Lemma star2E (F1 : P k M d n) (F2 : P k M d m) (X : {ffun (idx M e n * idx M e m) -> k})
    (z : idx M (d + e) N) :
  star2 g F1 F2 X z =
  \sum_(ab : {ffun 'I_n -> 'I_N} * {ffun 'I_m -> 'I_N} | split_ok ab.1 ab.2)
    \sum_(p : idx M e n * idx M e m) X p *
      (gstar g F1 (basisT k p.1) (restr ab.1 z) * gstar g F2 (basisT k p.2) (restr ab.2 z)).
Proof.
rewrite ffunE exchange_big; apply: eq_bigr => p _.
by rewrite ffunE pair_big_dep big_distrr.
Qed.

End Expansion.

Lemma gstar_not_ok (k : fieldType) (M : nat) (g : nat -> nat) (d e n : nat)
    (F : P k M d n) (h : P k M e n) :
  ~~ g_ok M g d e -> gstar g F h = 0.
Proof. by rewrite /gstar => /negbTE ->. Qed.

Lemma shuffle0l (k : fieldType) (M d n m : nat) (h : P k M d m) :
  shuffle (0 : P k M d n) h = 0.
Proof.
apply/ffunP => z; rewrite !ffunE big1 // => a _.
by rewrite big1 // => b _; rewrite ffunE mul0r.
Qed.

Theorem mainTheorem15 (k : fieldType) (chark : [pchar k] =i pred0) (M d e n m : nat)
  (f : P k M d n) (b : P k M d m) (a : P k M e (n + m)) (g : nat -> nat)
  (g_inc : forall i j : nat, (i < j)%N -> (g i < g j)%N)
  (f_sym : sym_inv f) (b_sym : sym_inv b) (a_sym : sym_inv a) :
  gstar g (shuffle f b) a = star2 g f b (@Delta_nm k M e n m a).
Proof.
have [g_okde | g_not_ok] := boolP (g_ok M g d e); last first.
  apply/ffunP => z; rewrite gstar_not_ok // !ffunE big1 // => p _.
  by rewrite gstar_not_ok // shuffle0l ffunE [X in _ * X]ffunE mulr0.
apply/ffunP => z; rewrite gstar_shuffleE // star2E; apply: eq_bigr => -[al be] /= ab.
under eq_bigr do rewrite gstar_basis_split //.
exact: (sum_Delta_nm_split chark a_sym ab (fun q => gstar g f (basisT k q) (restr al z))
                                       (fun q => gstar g b (basisT k q) (restr be z))).
Qed.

How to complete this task:
Restate the whole listing exactly, leaving out nothing.

Solution:
Lemma star2E (F1 : P k M d n) (F2 : P k M d m) (X : {ffun (idx M e n * idx M e m) -> k})
    (z : idx M (d + e) N) :
  star2 g F1 F2 X z =
  \sum_(ab : {ffun 'I_n -> 'I_N} * {ffun 'I_m -> 'I_N} | split_ok ab.1 ab.2)
    \sum_(p : idx M e n * idx M e m) X p *
      (gstar g F1 (basisT k p.1) (restr ab.1 z) * gstar g F2 (basisT k p.2) (restr ab.2 z)).
Proof.
rewrite ffunE exchange_big; apply: eq_bigr => p _.
by rewrite ffunE pair_big_dep big_distrr.
Qed.

End Expansion.

Lemma gstar_not_ok (k : fieldType) (M : nat) (g : nat -> nat) (d e n : nat)
    (F : P k M d n) (h : P k M e n) :
  ~~ g_ok M g d e -> gstar g F h = 0.
Proof. by rewrite /gstar => /negbTE ->. Qed.

Lemma shuffle0l (k : fieldType) (M d n m : nat) (h : P k M d m) :
  shuffle (0 : P k M d n) h = 0.
Proof.
apply/ffunP => z; rewrite !ffunE big1 // => a _.
by rewrite big1 // => b _; rewrite ffunE mul0r.
Qed.

Theorem mainTheorem15 (k : fieldType) (chark : [pchar k] =i pred0) (M d e n m : nat)
  (f : P k M d n) (b : P k M d m) (a : P k M e (n + m)) (g : nat -> nat)
  (g_inc : forall i j : nat, (i < j)%N -> (g i < g j)%N)
  (f_sym : sym_inv f) (b_sym : sym_inv b) (a_sym : sym_inv a) :
  gstar g (shuffle f b) a = star2 g f b (@Delta_nm k M e n m a).
Proof.
have [g_okde | g_not_ok] := boolP (g_ok M g d e); last first.
  apply/ffunP => z; rewrite gstar_not_ok // !ffunE big1 // => p _.
  by rewrite gstar_not_ok // shuffle0l ffunE [X in _ * X]ffunE mulr0.
apply/ffunP => z; rewrite gstar_shuffleE // star2E; apply: eq_bigr => -[al be] /= ab.
under eq_bigr do rewrite gstar_basis_split //.
exact: (sum_Delta_nm_split chark a_sym ab (fun q => gstar g f (basisT k q) (restr al z))
                                       (fun q => gstar g b (basisT k q) (restr be z))).
Qed.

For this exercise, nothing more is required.